Bakan Ergin, sempozyuma katılan, akademisyenler, hukukçular, mahkeme başkanları ile yargıç ve savcılarla bir arada olmaktan dolayı duyduğu memnuniyeti ifade etti.
Ergin, "Hükümetimizin birinci önceliği ülkemizin refahı vce kalkınması için her alanda çağdaş demokrasiler düzeyini yakalamak hatta önüne geçmektir. AB'ye üyeliğide bunun gerçekleştirilmesinde en büyük adım olarak niteliyoruz" dedi.
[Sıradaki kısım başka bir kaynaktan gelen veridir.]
Definition dyadic (N : nat) : Prop := exists j : nat, N = (2 ^ j)%N.

(* |k|^alpha, with powR (0 `^ alpha = 0 for alpha <> 0) *)
Definition pw (R : realType) (alpha : R) (k : int) : R :=
  ((`|k|%N)%:R : R) `^ alpha.

Definition jbr (R : realType) (x : int) : R := Num.sqrt (1 + (x%:~R : R) ^+ 2).

Definition inS (R : realType) (alpha C0 m : R) (N N1 N2 N3 : nat)
    (k k1 k2 k3 : int) : bool :=
  [&& k == k1 - k2 + k3, k2 != k1, k2 != k3,
      `|pw alpha k1 - pw alpha k2 + pw alpha k3 - pw alpha k - m| <= C0,
      (`|k| <= N%:Z)%R, (`|k1| <= N1%:Z)%R, (`|k2| <= N2%:Z)%R
      & (`|k3| <= N3%:Z)%R].

Definition box (M : nat) : seq int :=
  [seq (i%:Z - M%:Z)%R | i <- iota 0 (2 * M).+1].

(* cardinality of {(a,b) : P a b} where P forces |a| <= M, |b| <= M'
   (so counting over the box counts the whole set) *)
Definition card2 (P : int -> int -> bool) (M M' : nat) : nat :=
  count (fun p : int * int => P p.1 p.2) [seq (a, b) | a <- box M, b <- box M'].

Definition card_S_kk1 (R : realType) (alpha C0 m : R) (N N1 N2 N3 : nat) (k k1 : int) :=
  card2 (fun k2 k3 => inS alpha C0 m N N1 N2 N3 k k1 k2 k3) N2 N3.
Definition card_S_kk3 (R : realType) (alpha C0 m : R) (N N1 N2 N3 : nat) (k k3 : int) :=
  card2 (fun k1 k2 => inS alpha C0 m N N1 N2 N3 k k1 k2 k3) N1 N2.
Definition card_S_k1k2 (R : realType) (alpha C0 m : R) (N N1 N2 N3 : nat) (k1 k2 : int) :=
  card2 (fun k k3 => inS alpha C0 m N N1 N2 N3 k k1 k2 k3) N N3.
Definition card_S_k2k3 (R : realType) (alpha C0 m : R) (N N1 N2 N3 : nat) (k2 k3 : int) :=
  card2 (fun k k1 => inS alpha C0 m N N1 N2 N3 k k1 k2 k3) N N1.

(* Once two frequencies are fixed, the two free ones form a pair (a, a + h) with
   h <> 0 fixed, and membership in S says that g(a) = |a + h|^alpha - |a|^alpha lies
   in a fixed window of width 2 C0.  If |a| <= A and |a + h| <= B, every point of the
   segment joining two solutions has absolute value at most L = min(A, B) + |h|, and
   there g is strictly monotone with slope >~ alpha (alpha - 1) L^(alpha - 2) |h|:
   g' is alpha times the increment of t |-> sgn t |t|^(alpha - 1) over an interval
   of length |h|, and that function has slope >= (alpha - 1) L^(alpha - 2) on [-L, L].
   Hence two solutions lie at distance
   <~ L^(2 - alpha) / |h| <~ min(A, B)^(2 - alpha) / <h> + 1,
   and a set of integers of diameter D has at most 2 D + 1 elements.
   To avoid differentiating |t|^alpha at 0, the slope bound is derived on steps of
   length <= |h| / 2 from the tangent-line inequality of the convex |t|^alpha, and the
   steps are then chained. *)

From Pilot Require Import Defs.
From HB Require Import structures.
From mathcomp Require Import all_boot all_order all_algebra.
From mathcomp Require Import all_classical all_reals all_analysis.
From mathcomp.algebra_tactics Require Import ring lra.
From mathcomp.zify Require Import zify.
Set Implicit Arguments.
Unset Strict Implicit.
Unset Printing Implicit Defensive.
Import Order.TTheory GRing.Theory Num.Theory.
Local Open Scope ring_scope.

Section Powers.
Variable R : realType.
Implicit Types p r a b c t L : R.

Lemma powR_MVT p a b : 0 < a -> a < b ->
  exists2 c, a < c < b & b `^ p - a `^ p = p * c `^ (p - 1) * (b - a).
Proof.
move=> a0 ab.
have der x : x \in `]a, b[ -> is_derive x 1 (fun y : R => y `^ p) (p * x `^ (p - 1)).
  rewrite in_itv /= => /andP[ax _]; apply: is_derive1_powR.
  exact: lt_trans ax.
have [|c] := MVT ab der; last by rewrite in_itv /= => cab ->; exists c.
apply: derivable_within_continuous => x; rewrite in_itv /= => /andP[ax _].
by apply: derivable_powR; rewrite in_itv /= andbT; apply: lt_le_trans ax.
Qed.

Lemma le0_ger_powR r a b : r <= 0 -> 0 < a -> a <= b -> b `^ r <= a `^ r.
Proof.
move=> r0 a0 ab; have [s -> s0] : exists2 s, r = - s & 0 <= s.
  by exists (- r); [rewrite opprK | lra].
rewrite !powRN lef_pV2 ?posrE ?powR_gt0 //; last exact: lt_le_trans ab.
by apply: ge0_ler_powR; rewrite ?nnegrE; lra.
Qed.

Lemma powR_subadd r a b : 0 <= r <= 1 -> 0 <= a -> 0 <= b ->
  (a + b) `^ r <= a `^ r + b `^ r.
Proof.
move=> /andP[r0 r1] a0 b0.
have [->|a0'] := eqVneq a 0; first by rewrite add0r lerDr powR_ge0.
have [->|b0'] := eqVneq b 0; first by rewrite addr0 lerDl powR_ge0.
have ap : 0 < a by rewrite lt_neqAle eq_sym a0' a0.
have bp : 0 < b by rewrite lt_neqAle eq_sym b0' b0.
set s := a + b; have sp : 0 < s by rewrite /s; lra.
(* [x `^ r >= x] on [0, 1], applied to the weights [a / s] and [b / s] *)
have part x : 0 < x -> x <= s -> x / s * s `^ r <= x `^ r.
  move=> x0 xs; rewrite -[in leRHS](divfK (lt0r_neq0 sp) x) powRM ?divr_ge0 //; try lra.
  apply: ler_wpM2r; first exact: powR_ge0.
  by apply: ger1_powR => //; rewrite divr_gt0 //= ler_pdivrMr // mul1r.
have := part a ap ltac:(rewrite /s; lra); have := part b bp ltac:(rewrite /s; lra).
have -> : b / s * s `^ r = s `^ r - a / s * s `^ r.
  by rewrite /s; field; apply: lt0r_neq0.
lra.
Qed.

Lemma powR_tangent_le p a b : 1 < p -> 0 <= a -> 0 <= b ->
  a `^ p + p * a `^ (p - 1) * (b - a) <= b `^ p.
Proof.
move=> p1 a0 b0; have p0 : p != 0 by apply: lt0r_neq0; lra.
have p10 : p - 1 != 0 by apply: lt0r_neq0; lra.
have [->|a0'] := eqVneq a 0; first by rewrite !powR0 // mulr0 mul0r addr0 powR_ge0.
have ap : 0 < a by rewrite lt_neqAle eq_sym a0' a0.
have aa := powR_ge0 a (p - 1); have Ea := mulr_powRB1 a0 (lt_trans ltr01 p1).
have [->|b0'] := eqVneq b 0.
  have : 0 <= (p - 1) * (a * a `^ (p - 1)) by apply: mulr_ge0; [lra | apply: mulr_ge0].
  by rewrite powR0 //; nra.
have bp : 0 < b by rewrite lt_neqAle eq_sym b0' b0.
have [ab|ba|->] := ltgtP a b; last by rewrite subrr mulr0 addr0.
- have [c /andP[ac cb] E] := powR_MVT p ap ab.
  have : a `^ (p - 1) <= c `^ (p - 1) by apply: ge0_ler_powR; rewrite ?nnegrE; lra.
  have : 0 <= p * (b - a) by apply: mulr_ge0; lra.
  nra.
- have [c /andP[bc ca] E] := powR_MVT p bp ba.
  have : c `^ (p - 1) <= a `^ (p - 1) by apply: ge0_ler_powR; rewrite ?nnegrE; lra.
  have : 0 <= p * (a - b) by apply: mulr_ge0; lra.
  nra.
Qed.

Lemma powR_concave_increment p a b L : 0 < p < 1 -> 0 <= a -> a <= b -> b <= L ->
  p * L `^ (p - 1) * (b - a) <= b `^ p - a `^ p.
Proof.
move=> /andP[p0 p1] a0 ab bL; have LL := powR_ge0 L (p - 1).
have [->|ab'] := eqVneq a b; first by rewrite !subrr mulr0.
have {}ab : a < b by rewrite lt_neqAle ab' ab.
have [->|a0'] := eqVneq a 0.
  rewrite powR0 ?lt0r_neq0 // !subr0 -(mulr_powRB1 (ltW (le_lt_trans a0 ab)) p0).
  have : L `^ (p - 1) <= b `^ (p - 1) by apply: le0_ger_powR; lra.
  have : 0 <= (1 - p) * (b * L `^ (p - 1)) by apply: mulr_ge0; [lra | apply: mulr_ge0; lra].
  nra.
have ap : 0 < a by rewrite lt_neqAle eq_sym a0' a0.
have [c /andP[ac cb] ->] := powR_MVT p ap ab.
have : L `^ (p - 1) <= c `^ (p - 1) by apply: le0_ger_powR; lra.
have : 0 <= p * (b - a) by apply: mulr_ge0; lra.
nra.
Qed.
End Powers.

Section SignedPowers.
Variable R : realType.
Implicit Types p a b t L : R.

Definition abs_powR p t := `|t| `^ p.

(* [p * sgn_powR (p - 1)] is the derivative of [abs_powR p]. *)
Definition sgn_powR p t := Num.sg t * `|t| `^ p.

Lemma abs_powRN p t : abs_powR p (- t) = abs_powR p t.
Proof. by rewrite /abs_powR normrN. Qed.

Lemma sgn_powRN p t : sgn_powR p (- t) = - sgn_powR p t.
Proof. by rewrite /sgn_powR sgrN normrN mulNr. Qed.

Lemma ge0_sgn_powRE p t : p != 0 -> 0 <= t -> sgn_powR p t = t `^ p.
Proof.
rewrite /sgn_powR => p0; rewrite le_eqVlt => /predU1P[<-|t0].
  by rewrite sgr0 mul0r powR0.
by rewrite gtr0_sg // gtr0_norm // mul1r.
Qed.

Lemma abs_powR_tangent_le p a b : 1 < p ->
  abs_powR p a + p * sgn_powR (p - 1) a * (b - a) <= abs_powR p b.
Proof.
move=> p1; wlog a0 : a b / 0 <= a.
  move=> W; have [/W//|a0] := leP 0 a.
  have := W (- a) (- b) ltac:(lra); rewrite !abs_powRN sgn_powRN.
  by have -> : p * - sgn_powR (p - 1) a * (- b - - a) = p * sgn_powR (p - 1) a * (b - a) by ring.
have p10 : p - 1 != 0 by apply: lt0r_neq0; lra.
rewrite [abs_powR p a]/abs_powR (ger0_norm a0) ge0_sgn_powRE //.
apply: le_trans (powR_tangent_le p1 a0 (normr_ge0 b)); rewrite lerD2l.
apply: ler_wpM2l; last by rewrite lerD2r ler_norm.
by apply: mulr_ge0; [lra | apply: powR_ge0].
Qed.

Lemma sgn_powR_increment p a b L : 0 < p < 1 -> a <= b -> `|a| <= L -> `|b| <= L ->
  p * L `^ (p - 1) * (b - a) <= sgn_powR p b - sgn_powR p a.
Proof.
move=> p01 ab; have p0 : p != 0 by apply: lt0r_neq0; lra.
rewrite !ler_norml => /andP[La aL] /andP[Lb bL].
have incr u v : 0 <= u -> u <= v -> v <= L ->
    p * L `^ (p - 1) * (v - u) <= sgn_powR p v - sgn_powR p u.
  by move=> u0 uv vL; rewrite !ge0_sgn_powRE //; [apply: powR_concave_increment | lra].
have [a0|a0] := leP 0 a; first exact: incr.
have [b0|b0] := leP b 0.
  by have := incr (- b) (- a) ltac:(lra) ltac:(lra) ltac:(lra); rewrite !sgn_powRN; lra.
have sgn0 : sgn_powR p 0 = 0 by rewrite /sgn_powR sgr0 mul0r.
have := incr 0 b (lexx 0) ltac:(lra) bL; have := incr 0 (- a) (lexx 0) ltac:(lra) ltac:(lra).
rewrite sgn_powRN sgn0; lra.
Qed.
End SignedPowers.

Section SecondDifference.
Variable R : realType.

Lemma slope_ge_of_local (f : R -> R) (c d a b : R) : 0 < d -> a <= b ->
  (forall u v, a <= u -> u <= v -> v <= b -> v - u <= d -> c * (v - u) <= f v - f u) ->
  c * (b - a) <= f b - f a.
Proof.
move=> d0 ab loc.
suff chain n u : a <= u <= b -> b - u <= n%:R * d -> c * (b - u) <= f b - f u.
  apply: (chain (Num.bound ((b - a) / d))); first by rewrite lexx ab.
  by rewrite -ler_pdivrMr // ltW // archi_boundP // divr_ge0 // ?subr_ge0 // ltW.
elim: n u => [|n IH] u /andP[au ub] hu.
  have -> : u = b by rewrite mul0r in hu; lra.
  by rewrite !subrr mulr0.
have [near|far] := leP (b - u) d; first exact: loc.
have := IH (u + d) ltac:(lra); rewrite -natr1 mulrDl mul1r in hu.
have := loc u (u + d) au ltac:(lra) ltac:(lra) ltac:(lra).
lra.
Qed.

Lemma abs_powR_second_difference (p h x y L : R) : 1 < p < 2 -> 0 < h -> x <= y ->
  `|x| <= L -> `|y| <= L -> `|x + h| <= L -> `|y + h| <= L ->
  p * (p - 1) * L `^ (p - 2) * (h / 2) * (y - x) <=
    (abs_powR p (y + h) - abs_powR p y) - (abs_powR p (x + h) - abs_powR p x).
Proof.
move=> /andP[p1 p2] h0 xy.
rewrite !ler_norml => /andP[Lx xL] /andP[Ly yL] /andP[Lxh xhL] /andP[Lyh yhL].
pose g t := abs_powR p (t + h) - abs_powR p t.
(* On a step [u <= v <= u + h/2], the tangents at [u + h] and [v] bound [g v - g u]
   below by [p (v - u)] times the increment of [sgn_powR (p - 1)] over [[v, u + h]]. *)
apply: (slope_ge_of_local (f := g) (d := h / 2)) => // [|u v xu uv vy vuh]; first lra.
set Q := L `^ (p - 2); have Q0 : 0 <= Q by apply: powR_ge0.
have T1 := abs_powR_tangent_le (u + h) (v + h) p1.
have T2 := abs_powR_tangent_le v u p1.
have I : (p - 1) * Q * (u + h - v) <= sgn_powR (p - 1) (u + h) - sgn_powR (p - 1) v.
  have -> : Q = L `^ (p - 1 - 1) by rewrite /Q; congr (_ `^ _); ring.
  by apply: sgn_powR_increment; rewrite ?ler_norml; lra.
have : 0 <= p * (v - u) by apply: mulr_ge0; lra.
have : 0 <= p * (p - 1) * Q * (v - u) by apply: mulr_ge0; [apply: mulr_ge0; [nra|] | lra].
rewrite /g; nra.
Qed.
Çağdaş demokrasilerde egemenliğin asıl sahibinin halk olduğunuz ve halkın görüş ve düşüncelerinin son derece önemli olduğunu vurgulayan Ergin şöyle konuştu: "Başarılı bir kamu yönetimi için kamuoyu zamanında ve doğru bilgilendirilmedir. Kamuoyu yeterince bilgi sahibi olmadığı ya da yanlış haber ve yorumlar nedeniyle olumsuz baktığı plan ve programların başarıya ulaşması imkansızdır. Diğer kurum ve kurulıuşlarda oldıuğu gibi adalet sistemine de yargı kurumları açısından bakıldığında medya ile ilişkileri göz ardı edilemez. Temel hak ve hürriyetin teminatı olan yargının işleyişi toplumsal durumun doğal bir sonucu olarak kamuoyu yaratılarak yakından takip edilmektedir. Bu özelliği nedeniyle de yargı medaynın ilgi odaklarından birini oluşturmaktadır. Medya bu ilgisini ifade özgürlüğü bağlamında bir hak olarak topluma yansıtmaktadır. İfade özgürlüğü sadece kanaat sahbi olma değil, aynı zamanda bilgi alma ve verme hakkınıda içermektedir. Medya faaliyetnin bir özgürlük olarak ortaya çıkmasının temelinde düşünce özgürlüğü bulunmaktadır."
 

'Televizyonlarda mahkemeler kuruluyor'

Konuşmasında, basın özgürlüğüne ilişkin düşüncelerine değinen Ergin özgürlüklerin diğer bir özgürlük alanının başlangıç noktası ile sınırlı olduğunu ve bu nedenle de basın özgürlüğünün sınırsız olamayacağını dile getirdi. Ergin, basın özgürlüğü bakımından da hakkın kötüye kullanımı yasağının geçerli olduğunu vurguladı. Ergin basın özgürlüğünün sınırlarını ise şöyle anlattı: "Özel hayatın gizliliği, konut dokunulmazlığı, haberleşme özgürlüğü, suçsuzluk karinesi gibi diğer hak ve özgürlüklerin yanı sıra ülkenin birlik ve bütünlüğü ve yargının bağımsızlığı gibi konular basın özgürlüğünün sınırlarını oluşturmaktadır. Anayasamıza göre basın özgürlüğü milli güvenlik, kamu güvenliği, cumhriyetin temel nitelikleri ve devletin ülkesiyle milleti ile bölünmez bütünlüğünün korunması, suçalrın önlenmesi ve suçluların cezalandırılması, devlet sırrı olarak nitelenen belgelerin açıklanamaması vb. nedenlerle sınırlanabilmektedir. Bu sınırlamalar da İnsan Hakları Avrupa Sözleşmesi'nde öngörülen sınırlamalarla uyumlu olduğu görülmektedir. Basın özgürlüğü ile çakışan bir şey de suçuluk karinesidir. Mahkeme kararı ile suçsuzluğu kesinleşmediği halde bireyler, ne yazık ki medyada suçlu ilan edildiklerini, hatta televizyonlarda mahkemelerin kurulduğunu görebiliyoruz. Bu nedenle yargılamam faaliyetini yürüten organların olumsuz etkilenme sonucunu doğurmaktadır. Bu da adil yargılanma hakkının en büyük ihlallerinden biridir."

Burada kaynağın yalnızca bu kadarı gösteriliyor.